Clinicians are excited by the novel agents, which appear to have similar safety profiles in this group of patients.
Two new studies suggest that new treatments for lupus could be found in psoriasis and cancer drugs, according to papers presented at the 2022 EULAR European Congress of Rheumatology in Copenhagen this month.
Professor Eric Morand of Monash University presented key findings from a 48-week phase 2 trial of the TYK2 inhibitor deucravacitinib (DEUC) in patients with active SLE with skin and joint involvement. The drug, which has shown efficacy for psoriatic arthritis and psoriasis, targets key cytokines involved with lupus pathogenesis.
“We are very excited about deucravacitinib,” said Associate Professor Alberta Hoi, head of the Monash lupus clinic.
“It’s always good to have more treatment options – deucravacitinib has a neat mechanism of action and proven efficacy in psoriasis and phase 2 PsA, which will mean if it works in SLE too, we have a wider experience with it,” she said.
“Australian rheumatologists have embraced the use of JAKi very well, and this new TYK2 inhibitor will be an extension to our understanding of JAKi,” Professor Hoi added.
A total of 363 patients on stable background therapy were randomised 1:1:1:1 to receive 3mg or 6mg of DEUC twice daily, 12mg once daily or placebo. Steroids were tapered from week eight to 20 down to 7.5mg per days or less, with further optional tapering from week 32-40.
Around one-quarter of participants (24%) didn’t complete the trial due to lack of efficacy (more commonly the placebo group) or adverse events (more commonly the treatment arm, especially the 12mg once daily group), with 275 completing the full 48 weeks.
The primary endpoint was proportion of patients achieving SRI(4) at week 32. Around a third of the placebo group (34.4%) achieved SRI(4), compared with 58.2% of the DEUC 3mg BID group (p=0.0006), 49.5% of the DEUC 6mg BID group (p=0.021) and 44.9% of the DEUC 12mg QD group (p=0.078).
The 3mg BID group demonstrated statistically significant improvement on secondary endpoints at week 48, including SRI(4), BICLA, LLDAS and CLASI-50, and numerical improvement on active joint count 50.
Professor Morand said it was a “flat dose response” above the 3mg dose, rather than what appears to be an inverse dose response.

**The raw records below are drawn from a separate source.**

Lemma rel_prime_square_of_avoids (ps qs : list nat) (d : nat) :
  (forall q, In q qs -> In q ps /\ prime (Z.of_nat q)) -> avoids ps d = true ->
  rel_prime (Z.of_nat (fold_right Nat.mul 1%nat qs)) (Z.of_nat (d * d)).
Proof.
  intros Hqs Hd. induction qs as [|q qs IH]; simpl.
  { apply rel_prime_1. }
  destruct (Hqs q (or_introl eq_refl)) as [Hq Hprime].
  rewrite Nat2Z.inj_mul. apply rel_prime_sym, rel_prime_mult; apply rel_prime_sym.
  - assert (Hqd : ~ (Z.of_nat q | Z.of_nat d)%Z).
    { intros Hqd. apply (avoids_mod ps d q Hd Hq).
      assert (Hq0 : Z.of_nat q <> 0%Z) by (intros E; rewrite E in Hprime; apply not_prime_0, Hprime).
      apply Z.mod_divide in Hqd; auto. rewrite <- Nat2Z.inj_mod in Hqd. lia. }
    rewrite Nat2Z.inj_mul. apply rel_prime_mult; apply prime_rel_prime; auto.
  - apply IH. intros q' Hq'. apply Hqs. right. exact Hq'.
Qed.

Lemma rel_prime_36_square (p : nat) : avoids [2; 3]%nat p = true ->
  rel_prime (Z.of_nat 36) (Z.of_nat (p * p)).
Proof.
  apply (rel_prime_square_of_avoids _ [2; 2; 3; 3]%nat).
  intros q Hq. simpl in Hq. repeat destruct Hq as [<-|Hq];
    try contradiction; simpl; auto using prime_2, prime_3.
Qed.

Lemma square_divisor_avoiding (ps : list nat) (n : nat) : n <> 0%nat -> ~ squarefree n ->
  (forall p, In p ps -> (0 < p)%nat /\ (n mod (p * p) <> 0)%nat) ->
  exists d, (2 <= d)%nat /\ avoids ps d = true /\ Nat.divide (d * d) n.
Proof.
  intros Hn Hsq Hps.
  assert (Hd : exists d, (2 <= d)%nat /\ Nat.divide (d * d) n).
  { apply NNPP. intros Hno. apply Hsq. split; auto. intros d Hd Hdn. apply Hno. eauto. }
  destruct Hd as [d [Hd Hdn]]. exists d. repeat split; auto.
  unfold avoids. apply forallb_forall. intros p Hp. destruct (Hps p Hp) as [Hp0 Hpn].
  apply Bool.negb_true_iff, Nat.eqb_neq. intros Hdp. apply Hpn, Nat.Lcm0.mod_divide.
  apply Nat.Lcm0.mod_divide in Hdp as [k ->].
  eapply Nat.divide_trans; [|exact Hdn]. exists (k * k)%nat. ring.
Qed.
(* Let $R=K[X_1,\dots,X_d]$ be a polynomial ring over a field $K$, $f$ a nonzero polynomial in $R$, and $\mathcal{J}_f=\bigcap_{n\ge1}\sqrt{J_{f^n}}$. Then $I:_R(f)^\infty=I:_R\mathcal{J}_f^\infty$ for all monomial ideals $I$ of $R$.
   Context: For a nonzero polynomial $g=\sum_{\mathbf{n}}a_{\mathbf{n}}X_1^{n_1}\cdots X_d^{n_d}$, $J_g$ is the monomial ideal generated by the monomials occurring in $g$ with nonzero coefficient. $I:_RJ^\infty=\bigcup_k(I:_RJ^k)$. *)

From HB Require Import structures.
From mathcomp Require Import all_boot all_order all_algebra.
From mathcomp Require Import mpoly.

Set Implicit Arguments.
Unset Strict Implicit.
Unset Printing Implicit Defensive.

Import GRing.Theory.
Local Open Scope ring_scope.

Section Ideals.
Variable R : comRingType.

Definition is_ideal (I : R -> Prop) : Prop :=
  [/\ I 0, (forall x y, I x -> I y -> I (x + y)) &
      (forall r x, I x -> I (r * x))].

Definition gen_ideal (S : R -> Prop) : R -> Prop :=
  fun x => forall J, is_ideal J -> (forall s, S s -> J s) -> J x.

Definition principal (f : R) : R -> Prop := gen_ideal (fun x => x = f).

Definition radical (I : R -> Prop) : R -> Prop := fun x => exists n : nat, I (x ^+ n).

Definition ideal_mul (I J : R -> Prop) : R -> Prop :=
  gen_ideal (fun x => exists a b, [/\ I a, J b & x = a * b]).

Fixpoint ideal_pow (J : R -> Prop) (k : nat) : R -> Prop :=
  match k with
  | 0 => fun _ => True
  | k'.+1 => ideal_mul (ideal_pow J k') J
  end.

Definition colon (I J : R -> Prop) : R -> Prop :=
  fun x => forall y, J y -> I (x * y).

Definition saturation (I J : R -> Prop) : R -> Prop :=
  fun x => exists k : nat, colon I (ideal_pow J k) x.

End Ideals.

Section Monomial.
Variables (K : fieldType) (d : nat).

Definition monomial_ideal (I : {mpoly K[d]} -> Prop) : Prop :=
  exists S : 'X_{1..d} -> Prop,
    forall x, I x <-> gen_ideal (fun p => exists2 m, S m & p = 'X_[m]) x.

Definition Jmon (g : {mpoly K[d]}) : {mpoly K[d]} -> Prop :=
  gen_ideal (fun p => exists2 m, m \in msupp g & p = 'X_[m]).
(* Let $m\ge3$ and let $G$ be an $m$-uniform hypergraph on vertex set $[n]$ with at least one edge. Then the signless Laplacian tensor of $G$ is not completely positive.
   Context: An $m$-uniform hypergraph $G=(V,E)$ with $V=[n]$ has edges that are sets of exactly $m$ distinct vertices. Its adjacency tensor $\mathcal{A}\in\mathbb{S}_{m,n}$ has entries $a_{i_1\ldots i_m}=1/(m-1)!$ if $\{i_1,\dots,i_m\}\in E$ and $0$ otherwise; $\mathcal{D}$ is the diagonal tensor with $d_{i\ldots i}$ equal to the degree of vertex $i$; the signless Laplacian tensor is $\mathcal{Q}=\mathcal{D}+\mathcal{A}$. A tensor $\mathcal{A}\in\mathbb{S}_{m,n}$ (symmetric real $m$th order $n$-dimensional) is completely positive if $\mathcal{A}=\sum_{k=1}^r(u^{(k)})^m$ for some $r\ge1$ and $u^{(k)}\in\mathbb{R}^n_+$, where $(u^m)_{i_1\ldots i_m}=u_{i_1}\cdots u_{i_m}$. *)

From HB Require Import structures.
From mathcomp Require Import all_boot all_order all_algebra.
Set Implicit Arguments. Unset Strict Implicit. Unset Printing Implicit Defensive.
Import Order.TTheory GRing.Theory Num.Theory.
Local Open Scope ring_scope.

Definition tensor (R : Type) (m n : nat) := m.-tuple 'I_n -> R.

Definition uniform_hypergraph (m n : nat) (E : {set {set 'I_n}}) : Prop :=
  forall e, e \in E -> #|e| = m.

Definition hdeg (n : nat) (E : {set {set 'I_n}}) (i : 'I_n) : nat :=
  #|[set e in E | i \in e]|.

Definition adj_tensor (R : numFieldType) (m n : nat) (E : {set {set 'I_n}})
  : tensor R m n :=
  fun t => if [set x in t] \in E then ((m.-1)`!)%:R^-1 else 0.

Definition deg_tensor (R : numFieldType) (m n : nat) (E : {set {set 'I_n}})
  : tensor R m n :=
  fun t => \sum_(i : 'I_n) if all (fun x => x == i) t then (hdeg E i)%:R else 0.

Definition signless_laplacian (R : numFieldType) (m n : nat)
  (E : {set {set 'I_n}}) : tensor R m n :=
  fun t => @deg_tensor R m n E t + @adj_tensor R m n E t.

Definition tpow (R : numFieldType) (m n : nat) (u : 'I_n -> R) : tensor R m n :=
  fun t => \prod_(k < m) u (tnth t k).

Definition completely_positive (R : numFieldType) (m n : nat)
  (A : tensor R m n) : Prop :=
  exists (r : nat) (u : 'I_r -> 'I_n -> R),
    (0 < r)%N /\ (forall k i, 0 <= u k i) /\
    forall t, A t = \sum_(k < r) @tpow R m n (u k) t.

From HB Require Import structures.
From mathcomp Require Import all_boot all_order all_algebra.
Import Order.TTheory GRing.Theory Num.Theory.
Local Open Scope ring_scope.

(* The entry of Q at a tuple whose support is a proper subset of an edge, with
   at least two distinct vertices, is zero (it is neither diagonal nor an edge,
   as m >= 3).  For a completely positive tensor, a vanishing entry forces every
   rank-one term u^m to vanish at some index of the tuple, hence at every tuple
   containing that index; so Q would vanish at the tuple enumerating the edge,
   where it is at least 1/(m-1)! > 0. *)

Section CompletelyPositive.

Context {R : numFieldType} {m n : nat}.

Lemma tpow_ge0 (u : 'I_n -> R) (t : m.-tuple 'I_n) :
  (forall i, 0 <= u i) -> 0 <= tpow u t.
Proof. by move=> u_ge0; apply: prodr_ge0 => k _; apply: u_ge0. Qed.

Lemma tpow_eq0_sub (u : 'I_n -> R) (t t' : m.-tuple 'I_n) :
  {subset t <= t'} -> tpow u t = 0 -> tpow u t' = 0.
Proof.
move=> sub_tt' /eqP /prodf_eq0 [k _ /eqP uk0].
have /tnthP [l tl] := sub_tt' _ (mem_tnth k t).
by apply/eqP/prodf_eq0; exists l => //; rewrite -tl uk0.
Qed.

Lemma completely_positive_eq0_sub {A : tensor R m n} {t t' : m.-tuple 'I_n} :
  completely_positive A -> A t = 0 -> {subset t <= t'} -> A t' = 0.
Proof.
move=> [r [u [_ [u_ge0 defA]]]] At0 sub_tt'.
have /psumr_eq0P tpow_t0 : \sum_(k < r) tpow (u k) t = 0 by rewrite -defA.
rewrite defA big1 // => k _.
apply: tpow_eq0_sub sub_tt' _.
by apply: tpow_t0 => // l _; apply: tpow_ge0.
Qed.

End CompletelyPositive.

Section SignlessLaplacian.

Context {R : numFieldType} {m n : nat} {E : {set {set 'I_n}}}.

Lemma deg_tensor_ge0 (t : m.-tuple 'I_n) : 0 <= deg_tensor R E t.
Proof. by apply: sumr_ge0 => i _; case: ifP. Qed.

Lemma deg_tensor_eq0 (t : m.-tuple 'I_n) :
  (1 < #|[set x in t]|)%N -> deg_tensor R E t = 0.
Proof.
move=> /card_gt1P [x [y [+ + neq_xy]]]; rewrite !inE => xt yt.
apply: big1 => i _; case: ifP => // /allP t_eq_i.
by move: neq_xy; rewrite (eqP (t_eq_i x xt)) (eqP (t_eq_i y yt)) eqxx.
Qed.

Lemma signless_laplacian_edge_gt0 (t : m.-tuple 'I_n) :
  [set x in t] \in E -> 0 < signless_laplacian R E t.
Proof.
move=> tE; apply: ltr_wpDl; first exact: deg_tensor_ge0.
by rewrite /adj_tensor tE invr_gt0 ltr0n fact_gt0.
Qed.

Lemma signless_laplacian_eq0 (t : m.-tuple 'I_n) :
  uniform_hypergraph m E -> (1 < #|[set x in t]| < m)%N ->
  signless_laplacian R E t = 0.
Proof.
move=> unifE /andP [card_gt1 card_ltm].
rewrite /signless_laplacian deg_tensor_eq0 // add0r /adj_tensor.
by case: ifP => // /unifE card_eqm; rewrite card_eqm ltnn in card_ltm.
Qed.

End SignlessLaplacian.

Lemma set_tuple_enum (T : finType) (e : {set T}) (m : nat)
    (card_e : size (enum e) == m) :
  [set x in Tuple card_e] = e.
Proof. by apply/setP => x; rewrite inE mem_enum. Qed.

Lemma set_tuple_pair (T : finType) (m : nat) (i j : T) : (1 < m)%N ->
  [set x in [tuple if val k == 0%N then j else i | k < m]] = [set i; j].
Proof.
move=> m_gt1; apply/setP => x; rewrite !inE; apply/tnthP/idP => [[k ->]|].
  by rewrite tnth_mktuple; case: ifP; rewrite eqxx ?orbT.
case/orP=> /eqP ->.
  by exists (Ordinal m_gt1); rewrite tnth_mktuple.
by exists (Ordinal (ltnW m_gt1)); rewrite tnth_mktuple.
Qed.

Theorem mainTheorem5 (R : realFieldType) (m n : nat) (E : {set {set 'I_n}}) :
  (3 <= m)%N -> uniform_hypergraph m E -> E != set0 ->
  ~ completely_positive (@signless_laplacian R m n E).
Proof.
move=> m_ge3 unifE /set0Pn [e eE] cpQ.
have card_e : size (enum e) == m by rewrite -cardE unifE.
pose te := Tuple card_e.
have [i [j [ie je neq_ij]]] : exists i j, [/\ i \in e, j \in e & i != j].
  by apply/card_gt1P; rewrite unifE //; apply: leq_trans m_ge3.
have m_gt1 : (1 < m)%N by apply: leq_trans m_ge3.
pose tij := [tuple if val k == 0%N then j else i | k < m].
have Q_tij : signless_laplacian R E tij = 0.
  by apply: signless_laplacian_eq0; rewrite // set_tuple_pair // cards2 neq_ij.
have sub_tij_te : {subset tij <= te}.
  move=> x; rewrite -[x \in tij]in_set set_tuple_pair // -[x \in te]in_set.
  by rewrite set_tuple_enum !inE => /orP [] /eqP ->.
have := signless_laplacian_edge_gt0 (R := R) (E := E) te.
rewrite set_tuple_enum => /(_ eE).
by rewrite (completely_positive_eq0_sub cpQ Q_tij sub_tij_te) ltxx.
Qed.
Lemma quad_ge0_lin_coef_eq0 (R : realFieldType) (a b : R) :
  (forall t, 0 <= t * a + t ^+ 2 * b) -> a = 0.
Proof.
suff le0 c : (forall t, 0 <= t * c + t ^+ 2 * b) -> c <= 0.
  move=> h; apply/eqP; rewrite eq_le le0 //= -oppr_le0 le0 // => t.
  by have := h (- t); rewrite mulNr mulrN sqrrN.
move=> h; rewrite leNgt; apply/negP => c0.
(* at [t = - c / (2 (|b| + 1))] the quadratic is negative *)
pose t := c / (2 * (`|b| + 1)).
have b1 : 0 < 2 * (`|b| + 1) by rewrite mulr_gt0 // ltr_pwDr.
have tc : t * (2 * (`|b| + 1)) = c by rewrite /t divfK ?gt_eqF.
have t2 : 0 < t ^+ 2 by rewrite exprn_gt0 // divr_gt0.
have := h (- t); rewrite sqrrN mulNr -tc.
have := ler_norm b.
have : 0 < t ^+ 2 * (`|b| + 2) by rewrite mulr_gt0 // ltr_wpDl.
move: t2; rewrite expr2; nra.
Qed.

Section LinearScalarization.
Variables (R : realType) (K m : nat) (L : 'I_K -> 'rV[R]_m -> R) (nu l : 'I_K -> R).
Hypotheses (smoothL : forall k, smooth (nu k) (L k)) (l_ge0 : forall k, 0 <= l k).

Local Notation F x := (linscal l (fun k => L k x)).

Lemma linscal_descent x d t :
  F (x + t *: d) - F x <=
  t * (\sum_(k < K) l k * dotr (grad (L k) x) d) +
  t ^+ 2 * ((\sum_(k < K) l k * nu k) / 2 * l2norm d ^+ 2).
Proof.
have descent k : L k (x + t *: d) - L k x <=
    t * dotr (grad (L k) x) d + nu k / 2 * t ^+ 2 * l2norm d ^+ 2.
  have := smooth_descent x (t *: d) (smoothL k).
  by rewrite dotrZr l2normZ exprMn real_normK ?num_real // mulrA.
have -> : t * (\sum_(k < K) l k * dotr (grad (L k) x) d) +
    t ^+ 2 * ((\sum_(k < K) l k * nu k) / 2 * l2norm d ^+ 2) =
    \sum_(k < K) l k * (t * dotr (grad (L k) x) d + nu k / 2 * t ^+ 2 * l2norm d ^+ 2).
  rewrite !mulr_suml !mulr_sumr -big_split /=.
  by apply: eq_bigr => k _; ring.
rewrite /linscal -sumrB; apply: ler_sum => k _.
by rewrite -mulrBr ler_wpM2l.
Qed.
(* Extended non-negative thresholds [0, oo]. *)
Inductive ER : Type := Fin (x : R) | Inf.

Definition Fexp (v : R) : R := if Rle_dec 0 v then 1 - exp (- v) else 0.

Definition FextE (t : ER) : R := match t with Fin x => Fexp x | Inf => 1 end.

Fixpoint prod_upto (n : nat) (g : nat -> R) : R :=
  match n with O => 1 | S k => prod_upto k g * g k end.

(* prod_{j < n, j <> i} F(T_j)  -- neighbours of i in K_n *)
Definition prod_others (n i : nat) (T : nat -> ER) : R :=
  prod_upto n (fun j => if Nat.eqb j i then 1 else FextE (T j)).

Fixpoint sum_upto (n : nat) (g : nat -> R) : R :=
  match n with O => 0 | S k => sum_upto k g + g k end.

Definition in_dom (t : ER) : Prop := match t with Fin x => 0 <= x | Inf => True end.

(* T_i = p_i / P with convention p_i / 0 = oo (used with p_i > 0). *)
Definition threshold_eq (pi P : R) (t : ER) : Prop :=
  (P = 0 -> t = Inf) /\ (P <> 0 -> t = Fin (pi / P)).

Definition is_equilibrium (n : nat) (p : nat -> R) (T : nat -> ER) : Prop :=
  forall i, (i < n)%nat -> in_dom (T i) /\ threshold_eq (p i) (prod_others n i T) (T i).

Definition revenue (n : nat) (p : nat -> R) (T : nat -> ER) : R :=
  sum_upto n (fun i => p i * (1 - FextE (T i))).

From Stdlib Require Import Reals Lra Lia Arith.
From Coquelicot Require Import Coquelicot.
Open Scope R_scope.

(* At an equilibrium for a uniform price p > 0 every F(T_j) is
   positive, so every threshold is finite and positive, and multiplying
   T_i = p / prod_{j<>i} F(T_j) by F(T_i) gives the balance identity
   T_i / F(T_i) = p / prod_j F(T_j), whose right side does not depend on i.
   Since v / (1 - e^{-v}) is strictly increasing on (0,oo), all thresholds
   coincide, say with t, and then t F(t)^(n-1) = p; this t is unique because
   v F(v)^k is strictly increasing on [0,oo).

   A symmetric equilibrium T.1 yields revenue n p e^{-T}.  At
   price 1 the threshold t satisfies (n-1) e^{-t} <= ln t (from
   1 - x <= e^{-x}), which forces n e^{-t} < 2 ln ln n once n >= 16.  At
   threshold ln n we have F(ln n) = 1 - 1/n, so the price
   p = ln n (1 - 1/n)^(n-1) has ln n as its unique equilibrium threshold,
   revenue n p e^{-ln n} = p, and p >= ln n / e > ln n / 4. *)

Lemma exp_pow (a : R) (k : nat) : exp a ^ k = exp (INR k * a).
Proof.
  induction k as [|k IH]; simpl pow.
  - simpl. rewrite Rmult_0_l, exp_0. reflexivity.
  - rewrite IH, S_INR, <- exp_plus. f_equal; ring.
Qed.

Lemma exp_neg_bounds (x : R) : 0 < x -> 0 < exp (- x) < 1.
Proof.
  intros Hx. split; [apply exp_pos|].
  rewrite <- exp_0. apply exp_increasing. lra.
Qed.

Lemma Fexp_nonneg_arg (x : R) : 0 <= x -> Fexp x = 1 - exp (- x).
Proof. intros Hx. unfold Fexp. destruct (Rle_dec 0 x); [reflexivity | lra]. Qed.

Lemma Fexp_ge0 (x : R) : 0 <= Fexp x.
Proof.
  unfold Fexp. destruct (Rle_dec 0 x) as [Hx|]; [|lra].
  destruct (Req_dec x 0) as [->|Hx0].
  - rewrite Ropp_0, exp_0. lra.
  - pose proof (exp_neg_bounds x ltac:(lra)). lra.
Qed.

Lemma Fexp_pos (x : R) : 0 < x -> 0 < Fexp x.
Proof.
  intros Hx. rewrite Fexp_nonneg_arg by lra.
  pose proof (exp_neg_bounds x Hx). lra.
Qed.

Lemma FextE_ge0 (t : ER) : 0 <= FextE t.
Proof. destruct t; simpl; [apply Fexp_ge0 | lra]. Qed.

“There was an increase in dropouts due to adverse events in the highest dose, and those dropouts were recorded as non-responders,” he explained.
“The minimum concentration of drug at three milligrams BID is sufficient for the biological effect – that’s been shown previously in psoriasis studies. So, we think what we’ve seen here is that three milligrams twice daily is a sufficient dose and there’s no additional therapeutic gain above that.”
The most common adverse events in the DEUC groups were upper respiratory tract infections, nasopharyngitis, headache and urinary tract infections. There were no thrombotic events or major cardiovascular events, while herpes zoster rates were similar across the treatment arms.
“The safety profile was consistent with earlier trials in psoriasis and PSA, even though these patients had a significant burden of standard of care therapy, including immunosuppression and steroids,” said Professor Morand.
Further analysis is needed to determine effects beyond skin and joint responses, said Professor Morand, concluding that the promising results thus far suggest phase 3 trials are warranted.
Professor Hoi said, “We will be cautiously optimistic, but unfortunately with lupus trials sometimes a promising phase 2 study will not end up living up to its promise in phase 3 studies. So, we will have to wait and see.”
In another late breaking abstract on a novel lupus therapy, researchers in China investigated the safety and efficacy of BTK inhibitor orelabrutinib. The drug is approved in China for B cell malignancies and showed promise for lupus in animal models.
The phase 1B/2A trial randomised 60 patients with mild to moderate SLE on standard of care therapy to receive placebo or 50mg, 80mg or 1000mg of oral orelabrutinib once daily for 12 weeks.
About one-third of the placebo group (35.7%) achieved the SRI(4) response at 12 weeks, compared with 50% of the 50mg group, 61.5% of the 80mg group and 64.3% of the 1000mg group. Discontinuations (five patients in total) were equally spread among the groups and adverse events, reported in all groups, were mostly mild to moderate.
The authors concluded the findings support further development of orelabrutinib in larger and longer trials.
“The phase 1/2a study seems good as a proof of concept, and we will wait to see more,” said Professor Hoi.